EXERCISE AIM:
The answer must consist of every line below that contains the word "specialize".

LISTED ENTRIES:
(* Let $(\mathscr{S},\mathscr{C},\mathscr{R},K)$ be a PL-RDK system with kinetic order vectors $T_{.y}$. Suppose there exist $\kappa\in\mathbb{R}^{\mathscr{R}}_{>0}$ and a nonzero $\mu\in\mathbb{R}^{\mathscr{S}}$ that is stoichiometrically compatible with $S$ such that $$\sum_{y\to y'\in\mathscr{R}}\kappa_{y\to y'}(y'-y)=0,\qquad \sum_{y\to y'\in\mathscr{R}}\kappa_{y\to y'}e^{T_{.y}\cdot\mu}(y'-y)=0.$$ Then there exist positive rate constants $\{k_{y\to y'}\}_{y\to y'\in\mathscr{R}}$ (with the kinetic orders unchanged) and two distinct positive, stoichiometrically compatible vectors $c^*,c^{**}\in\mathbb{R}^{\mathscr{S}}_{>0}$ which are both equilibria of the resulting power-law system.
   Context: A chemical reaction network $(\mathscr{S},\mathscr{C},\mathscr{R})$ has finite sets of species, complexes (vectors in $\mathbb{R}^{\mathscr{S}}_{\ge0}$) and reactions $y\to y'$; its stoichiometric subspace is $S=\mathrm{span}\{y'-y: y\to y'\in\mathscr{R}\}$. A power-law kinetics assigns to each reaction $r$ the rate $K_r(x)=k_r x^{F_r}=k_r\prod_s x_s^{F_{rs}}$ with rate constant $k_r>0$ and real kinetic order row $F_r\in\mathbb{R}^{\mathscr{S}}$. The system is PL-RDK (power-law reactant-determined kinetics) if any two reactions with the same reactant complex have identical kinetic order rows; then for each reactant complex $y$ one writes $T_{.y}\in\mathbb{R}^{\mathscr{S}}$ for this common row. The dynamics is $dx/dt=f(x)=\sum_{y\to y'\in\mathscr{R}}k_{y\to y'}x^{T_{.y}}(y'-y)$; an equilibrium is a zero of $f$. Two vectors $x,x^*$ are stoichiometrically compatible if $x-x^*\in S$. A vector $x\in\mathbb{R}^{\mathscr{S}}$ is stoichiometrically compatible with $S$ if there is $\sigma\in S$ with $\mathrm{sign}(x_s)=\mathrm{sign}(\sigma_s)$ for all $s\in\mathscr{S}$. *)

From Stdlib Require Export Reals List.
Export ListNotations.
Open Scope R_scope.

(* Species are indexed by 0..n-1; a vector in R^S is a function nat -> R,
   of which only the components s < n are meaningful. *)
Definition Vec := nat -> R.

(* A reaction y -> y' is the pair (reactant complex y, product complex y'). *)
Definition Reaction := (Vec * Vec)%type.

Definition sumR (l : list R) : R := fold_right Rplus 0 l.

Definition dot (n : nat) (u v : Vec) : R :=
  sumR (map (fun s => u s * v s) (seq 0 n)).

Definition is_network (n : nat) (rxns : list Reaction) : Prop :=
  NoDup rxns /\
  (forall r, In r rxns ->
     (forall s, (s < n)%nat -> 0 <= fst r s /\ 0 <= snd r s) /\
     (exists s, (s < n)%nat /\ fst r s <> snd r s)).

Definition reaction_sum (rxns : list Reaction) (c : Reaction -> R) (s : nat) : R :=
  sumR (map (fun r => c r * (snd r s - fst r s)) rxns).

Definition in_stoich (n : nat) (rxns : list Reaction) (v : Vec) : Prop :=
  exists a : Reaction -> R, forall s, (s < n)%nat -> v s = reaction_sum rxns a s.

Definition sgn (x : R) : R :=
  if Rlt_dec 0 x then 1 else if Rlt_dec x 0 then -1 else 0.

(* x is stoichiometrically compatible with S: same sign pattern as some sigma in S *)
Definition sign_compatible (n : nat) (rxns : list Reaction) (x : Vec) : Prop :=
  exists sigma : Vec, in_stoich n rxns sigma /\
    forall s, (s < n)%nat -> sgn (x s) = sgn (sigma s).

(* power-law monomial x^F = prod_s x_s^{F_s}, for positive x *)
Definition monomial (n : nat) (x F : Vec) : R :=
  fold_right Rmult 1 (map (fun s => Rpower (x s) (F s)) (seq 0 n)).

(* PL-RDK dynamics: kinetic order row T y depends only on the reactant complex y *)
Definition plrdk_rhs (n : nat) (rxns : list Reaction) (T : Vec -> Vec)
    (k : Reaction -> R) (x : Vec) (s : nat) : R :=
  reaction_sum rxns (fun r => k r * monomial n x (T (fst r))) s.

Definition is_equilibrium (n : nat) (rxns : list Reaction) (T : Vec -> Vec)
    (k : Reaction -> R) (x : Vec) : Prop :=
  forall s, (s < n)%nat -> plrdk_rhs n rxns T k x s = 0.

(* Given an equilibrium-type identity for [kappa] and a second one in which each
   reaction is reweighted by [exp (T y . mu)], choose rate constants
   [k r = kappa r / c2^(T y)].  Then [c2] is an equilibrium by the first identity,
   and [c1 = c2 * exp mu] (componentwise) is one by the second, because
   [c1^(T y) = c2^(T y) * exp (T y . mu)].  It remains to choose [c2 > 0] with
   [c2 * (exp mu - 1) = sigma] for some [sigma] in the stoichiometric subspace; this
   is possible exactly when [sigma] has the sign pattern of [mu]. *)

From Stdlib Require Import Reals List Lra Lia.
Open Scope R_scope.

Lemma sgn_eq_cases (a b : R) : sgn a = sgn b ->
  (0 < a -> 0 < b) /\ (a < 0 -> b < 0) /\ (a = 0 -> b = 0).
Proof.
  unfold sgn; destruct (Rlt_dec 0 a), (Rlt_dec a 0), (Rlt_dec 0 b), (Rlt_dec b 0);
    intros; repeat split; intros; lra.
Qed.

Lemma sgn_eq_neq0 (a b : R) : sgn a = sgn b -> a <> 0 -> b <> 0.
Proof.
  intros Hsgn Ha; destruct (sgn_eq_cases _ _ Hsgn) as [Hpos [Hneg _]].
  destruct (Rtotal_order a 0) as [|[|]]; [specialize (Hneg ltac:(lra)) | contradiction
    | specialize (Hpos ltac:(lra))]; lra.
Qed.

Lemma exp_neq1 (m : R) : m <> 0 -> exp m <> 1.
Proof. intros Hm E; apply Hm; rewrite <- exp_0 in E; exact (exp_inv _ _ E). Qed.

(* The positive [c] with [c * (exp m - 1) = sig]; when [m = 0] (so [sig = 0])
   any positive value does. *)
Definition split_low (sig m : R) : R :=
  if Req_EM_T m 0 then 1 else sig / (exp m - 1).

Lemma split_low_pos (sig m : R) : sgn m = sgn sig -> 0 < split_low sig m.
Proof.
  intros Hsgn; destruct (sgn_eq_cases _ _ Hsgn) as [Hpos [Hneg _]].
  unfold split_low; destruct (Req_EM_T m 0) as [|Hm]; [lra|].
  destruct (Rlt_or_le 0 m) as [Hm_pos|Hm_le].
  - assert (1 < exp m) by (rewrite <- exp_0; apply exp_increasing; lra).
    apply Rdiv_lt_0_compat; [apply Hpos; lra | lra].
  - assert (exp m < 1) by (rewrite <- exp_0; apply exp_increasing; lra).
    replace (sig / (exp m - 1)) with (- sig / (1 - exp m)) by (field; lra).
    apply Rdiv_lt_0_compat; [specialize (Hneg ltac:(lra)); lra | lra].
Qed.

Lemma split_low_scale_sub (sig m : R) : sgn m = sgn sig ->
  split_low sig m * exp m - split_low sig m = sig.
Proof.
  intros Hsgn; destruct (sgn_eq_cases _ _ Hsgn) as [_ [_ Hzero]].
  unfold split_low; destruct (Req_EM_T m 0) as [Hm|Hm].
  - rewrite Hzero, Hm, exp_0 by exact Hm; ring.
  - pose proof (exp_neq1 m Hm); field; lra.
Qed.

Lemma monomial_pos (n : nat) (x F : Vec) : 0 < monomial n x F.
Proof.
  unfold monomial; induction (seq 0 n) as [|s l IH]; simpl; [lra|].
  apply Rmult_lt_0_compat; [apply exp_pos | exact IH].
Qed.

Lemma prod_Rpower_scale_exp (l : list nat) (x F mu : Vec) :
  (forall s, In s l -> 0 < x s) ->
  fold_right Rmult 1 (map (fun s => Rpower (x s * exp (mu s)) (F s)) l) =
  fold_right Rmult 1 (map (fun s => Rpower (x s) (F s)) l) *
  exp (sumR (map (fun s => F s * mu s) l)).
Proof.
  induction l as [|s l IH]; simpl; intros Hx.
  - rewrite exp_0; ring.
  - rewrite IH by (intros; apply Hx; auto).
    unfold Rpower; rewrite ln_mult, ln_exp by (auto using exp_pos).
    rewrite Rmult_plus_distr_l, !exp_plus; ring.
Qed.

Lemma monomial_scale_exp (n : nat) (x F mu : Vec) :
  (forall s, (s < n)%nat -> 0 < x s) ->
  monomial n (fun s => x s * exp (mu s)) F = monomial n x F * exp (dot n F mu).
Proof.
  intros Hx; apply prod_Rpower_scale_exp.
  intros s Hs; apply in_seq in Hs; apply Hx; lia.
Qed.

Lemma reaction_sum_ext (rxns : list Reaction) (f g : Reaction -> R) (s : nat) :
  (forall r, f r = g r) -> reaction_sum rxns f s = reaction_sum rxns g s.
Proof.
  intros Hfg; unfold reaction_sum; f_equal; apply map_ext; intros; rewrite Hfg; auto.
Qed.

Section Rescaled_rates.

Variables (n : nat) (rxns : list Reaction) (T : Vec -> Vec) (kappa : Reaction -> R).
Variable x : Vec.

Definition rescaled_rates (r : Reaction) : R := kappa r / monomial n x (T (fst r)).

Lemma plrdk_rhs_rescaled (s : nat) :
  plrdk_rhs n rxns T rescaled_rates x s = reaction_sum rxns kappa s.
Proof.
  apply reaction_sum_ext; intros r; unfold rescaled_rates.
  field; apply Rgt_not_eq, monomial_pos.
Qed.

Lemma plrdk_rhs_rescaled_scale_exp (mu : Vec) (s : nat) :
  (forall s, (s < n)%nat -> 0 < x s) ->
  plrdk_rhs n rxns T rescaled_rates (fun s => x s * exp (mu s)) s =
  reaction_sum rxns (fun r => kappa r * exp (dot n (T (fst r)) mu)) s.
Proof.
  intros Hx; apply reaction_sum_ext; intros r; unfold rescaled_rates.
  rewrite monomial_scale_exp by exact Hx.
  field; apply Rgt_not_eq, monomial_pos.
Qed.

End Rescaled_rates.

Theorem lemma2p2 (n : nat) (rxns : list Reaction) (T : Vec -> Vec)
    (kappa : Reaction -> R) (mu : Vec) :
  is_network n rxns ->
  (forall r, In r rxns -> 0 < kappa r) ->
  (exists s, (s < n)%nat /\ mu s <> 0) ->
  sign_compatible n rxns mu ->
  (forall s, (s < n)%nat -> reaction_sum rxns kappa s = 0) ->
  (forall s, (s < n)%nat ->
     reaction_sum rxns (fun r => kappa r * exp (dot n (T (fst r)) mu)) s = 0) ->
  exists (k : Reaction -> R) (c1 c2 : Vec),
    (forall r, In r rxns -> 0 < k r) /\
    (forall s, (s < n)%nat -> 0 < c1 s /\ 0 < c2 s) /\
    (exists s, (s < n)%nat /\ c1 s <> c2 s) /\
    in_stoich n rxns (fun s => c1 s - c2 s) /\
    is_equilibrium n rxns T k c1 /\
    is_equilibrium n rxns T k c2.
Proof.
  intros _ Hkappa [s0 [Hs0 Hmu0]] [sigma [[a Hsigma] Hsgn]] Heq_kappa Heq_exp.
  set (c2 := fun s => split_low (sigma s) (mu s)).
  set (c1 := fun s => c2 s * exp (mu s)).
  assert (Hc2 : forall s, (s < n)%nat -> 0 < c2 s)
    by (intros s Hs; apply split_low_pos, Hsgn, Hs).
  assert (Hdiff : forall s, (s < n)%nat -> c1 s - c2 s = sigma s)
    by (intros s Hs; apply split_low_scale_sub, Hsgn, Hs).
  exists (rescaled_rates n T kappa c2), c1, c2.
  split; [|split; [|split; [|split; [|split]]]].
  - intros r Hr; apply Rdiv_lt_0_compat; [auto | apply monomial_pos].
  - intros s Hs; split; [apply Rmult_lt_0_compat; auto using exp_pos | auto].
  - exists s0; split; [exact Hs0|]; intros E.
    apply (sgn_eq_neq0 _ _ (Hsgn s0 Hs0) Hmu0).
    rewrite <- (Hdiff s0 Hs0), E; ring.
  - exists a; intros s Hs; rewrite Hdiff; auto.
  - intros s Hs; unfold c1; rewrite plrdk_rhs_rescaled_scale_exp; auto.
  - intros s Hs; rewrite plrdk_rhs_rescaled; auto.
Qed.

--

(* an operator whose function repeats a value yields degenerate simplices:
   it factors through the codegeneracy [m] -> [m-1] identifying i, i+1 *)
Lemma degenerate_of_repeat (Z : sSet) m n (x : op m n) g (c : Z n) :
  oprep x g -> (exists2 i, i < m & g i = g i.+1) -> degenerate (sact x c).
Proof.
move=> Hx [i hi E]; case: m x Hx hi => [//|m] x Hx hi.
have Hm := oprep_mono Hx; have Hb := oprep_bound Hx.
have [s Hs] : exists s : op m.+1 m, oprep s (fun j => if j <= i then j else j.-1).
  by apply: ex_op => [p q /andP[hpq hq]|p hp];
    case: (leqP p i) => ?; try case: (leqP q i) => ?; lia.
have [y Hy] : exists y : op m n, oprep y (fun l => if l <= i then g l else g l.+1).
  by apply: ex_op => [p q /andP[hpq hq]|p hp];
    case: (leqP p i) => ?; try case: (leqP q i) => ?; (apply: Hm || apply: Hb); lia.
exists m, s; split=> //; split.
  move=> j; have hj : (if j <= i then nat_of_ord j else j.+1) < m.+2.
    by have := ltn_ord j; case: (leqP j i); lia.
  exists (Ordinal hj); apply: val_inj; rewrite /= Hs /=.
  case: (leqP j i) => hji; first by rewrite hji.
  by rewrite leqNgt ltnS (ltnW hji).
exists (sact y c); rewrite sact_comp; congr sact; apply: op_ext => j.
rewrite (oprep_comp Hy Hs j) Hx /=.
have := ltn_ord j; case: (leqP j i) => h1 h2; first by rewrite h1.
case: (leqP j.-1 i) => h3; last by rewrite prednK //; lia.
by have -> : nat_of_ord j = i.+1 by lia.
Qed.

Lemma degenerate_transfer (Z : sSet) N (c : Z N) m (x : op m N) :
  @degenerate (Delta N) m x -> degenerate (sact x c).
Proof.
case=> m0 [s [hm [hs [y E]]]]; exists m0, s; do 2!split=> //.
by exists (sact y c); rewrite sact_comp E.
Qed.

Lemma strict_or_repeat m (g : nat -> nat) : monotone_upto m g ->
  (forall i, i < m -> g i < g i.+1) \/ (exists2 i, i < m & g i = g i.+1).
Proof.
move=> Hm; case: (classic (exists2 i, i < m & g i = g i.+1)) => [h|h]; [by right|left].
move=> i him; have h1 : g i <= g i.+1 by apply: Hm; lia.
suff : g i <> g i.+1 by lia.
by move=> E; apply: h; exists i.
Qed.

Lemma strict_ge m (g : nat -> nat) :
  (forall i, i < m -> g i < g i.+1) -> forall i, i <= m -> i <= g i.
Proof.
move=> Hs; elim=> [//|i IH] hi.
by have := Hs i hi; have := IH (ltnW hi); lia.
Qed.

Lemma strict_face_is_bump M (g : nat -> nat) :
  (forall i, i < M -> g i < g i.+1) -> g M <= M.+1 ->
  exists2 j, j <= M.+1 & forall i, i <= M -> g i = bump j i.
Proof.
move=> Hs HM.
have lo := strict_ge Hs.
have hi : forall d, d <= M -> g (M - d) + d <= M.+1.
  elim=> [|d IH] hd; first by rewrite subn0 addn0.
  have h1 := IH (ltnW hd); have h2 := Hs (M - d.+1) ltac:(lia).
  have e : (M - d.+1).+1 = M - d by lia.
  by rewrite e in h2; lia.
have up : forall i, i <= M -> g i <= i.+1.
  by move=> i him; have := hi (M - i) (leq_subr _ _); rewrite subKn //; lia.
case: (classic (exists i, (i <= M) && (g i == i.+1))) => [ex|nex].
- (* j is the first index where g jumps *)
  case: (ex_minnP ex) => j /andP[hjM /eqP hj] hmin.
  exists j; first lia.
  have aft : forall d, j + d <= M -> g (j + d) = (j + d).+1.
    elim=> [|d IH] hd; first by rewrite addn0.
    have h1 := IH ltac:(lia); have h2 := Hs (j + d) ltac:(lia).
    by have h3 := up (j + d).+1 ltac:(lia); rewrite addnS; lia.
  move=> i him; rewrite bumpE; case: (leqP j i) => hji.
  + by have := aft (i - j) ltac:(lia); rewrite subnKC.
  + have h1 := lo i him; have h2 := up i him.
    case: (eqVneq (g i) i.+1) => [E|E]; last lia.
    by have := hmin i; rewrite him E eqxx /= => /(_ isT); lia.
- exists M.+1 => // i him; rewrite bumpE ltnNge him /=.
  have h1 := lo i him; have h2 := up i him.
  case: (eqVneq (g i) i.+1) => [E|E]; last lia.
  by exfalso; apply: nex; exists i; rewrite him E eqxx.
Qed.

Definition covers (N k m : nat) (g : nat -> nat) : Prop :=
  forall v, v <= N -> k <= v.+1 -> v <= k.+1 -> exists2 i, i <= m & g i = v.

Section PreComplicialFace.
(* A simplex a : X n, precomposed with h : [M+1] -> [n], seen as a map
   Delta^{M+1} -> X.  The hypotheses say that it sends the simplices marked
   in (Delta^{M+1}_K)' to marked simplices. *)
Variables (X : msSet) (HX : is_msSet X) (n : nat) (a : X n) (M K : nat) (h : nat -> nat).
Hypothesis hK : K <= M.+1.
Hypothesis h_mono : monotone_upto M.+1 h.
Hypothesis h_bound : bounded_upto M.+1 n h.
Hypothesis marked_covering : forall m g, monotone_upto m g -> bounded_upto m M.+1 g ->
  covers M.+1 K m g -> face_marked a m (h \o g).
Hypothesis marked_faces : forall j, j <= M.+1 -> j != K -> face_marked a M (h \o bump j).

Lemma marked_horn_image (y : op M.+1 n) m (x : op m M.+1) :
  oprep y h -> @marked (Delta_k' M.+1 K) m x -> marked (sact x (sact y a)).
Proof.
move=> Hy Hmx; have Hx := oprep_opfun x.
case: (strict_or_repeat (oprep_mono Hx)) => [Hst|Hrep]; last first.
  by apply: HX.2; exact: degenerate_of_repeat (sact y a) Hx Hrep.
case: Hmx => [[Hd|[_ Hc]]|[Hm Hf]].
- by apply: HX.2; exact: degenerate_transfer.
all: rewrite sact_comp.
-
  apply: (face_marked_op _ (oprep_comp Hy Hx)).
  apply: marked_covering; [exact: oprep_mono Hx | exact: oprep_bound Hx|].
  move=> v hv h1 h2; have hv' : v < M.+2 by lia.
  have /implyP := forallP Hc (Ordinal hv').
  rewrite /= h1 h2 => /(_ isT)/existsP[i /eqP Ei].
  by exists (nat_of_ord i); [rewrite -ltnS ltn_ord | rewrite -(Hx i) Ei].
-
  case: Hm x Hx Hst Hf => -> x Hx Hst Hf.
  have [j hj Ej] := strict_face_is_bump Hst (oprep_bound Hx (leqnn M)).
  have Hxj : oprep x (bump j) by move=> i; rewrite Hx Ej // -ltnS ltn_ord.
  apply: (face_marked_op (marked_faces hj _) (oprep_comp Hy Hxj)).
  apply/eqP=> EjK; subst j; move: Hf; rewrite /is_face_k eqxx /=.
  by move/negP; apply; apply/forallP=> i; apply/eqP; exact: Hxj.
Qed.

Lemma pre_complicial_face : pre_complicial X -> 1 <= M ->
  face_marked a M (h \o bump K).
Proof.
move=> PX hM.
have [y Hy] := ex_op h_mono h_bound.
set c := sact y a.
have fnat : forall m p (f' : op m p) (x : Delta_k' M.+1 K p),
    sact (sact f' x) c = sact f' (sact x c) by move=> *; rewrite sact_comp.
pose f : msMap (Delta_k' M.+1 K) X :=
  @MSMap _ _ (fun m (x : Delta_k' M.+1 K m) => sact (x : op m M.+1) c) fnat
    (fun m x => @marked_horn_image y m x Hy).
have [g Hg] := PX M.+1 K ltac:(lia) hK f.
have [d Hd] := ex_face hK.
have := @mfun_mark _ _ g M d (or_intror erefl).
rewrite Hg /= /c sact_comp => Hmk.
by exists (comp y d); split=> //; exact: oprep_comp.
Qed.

TASK OUTPUT:
  destruct (Rtotal_order a 0) as [|[|]]; [specialize (Hneg ltac:(lra)) | contradiction
    | specialize (Hpos ltac:(lra))]; lra.
    apply Rdiv_lt_0_compat; [specialize (Hneg ltac:(lra)); lra | lra].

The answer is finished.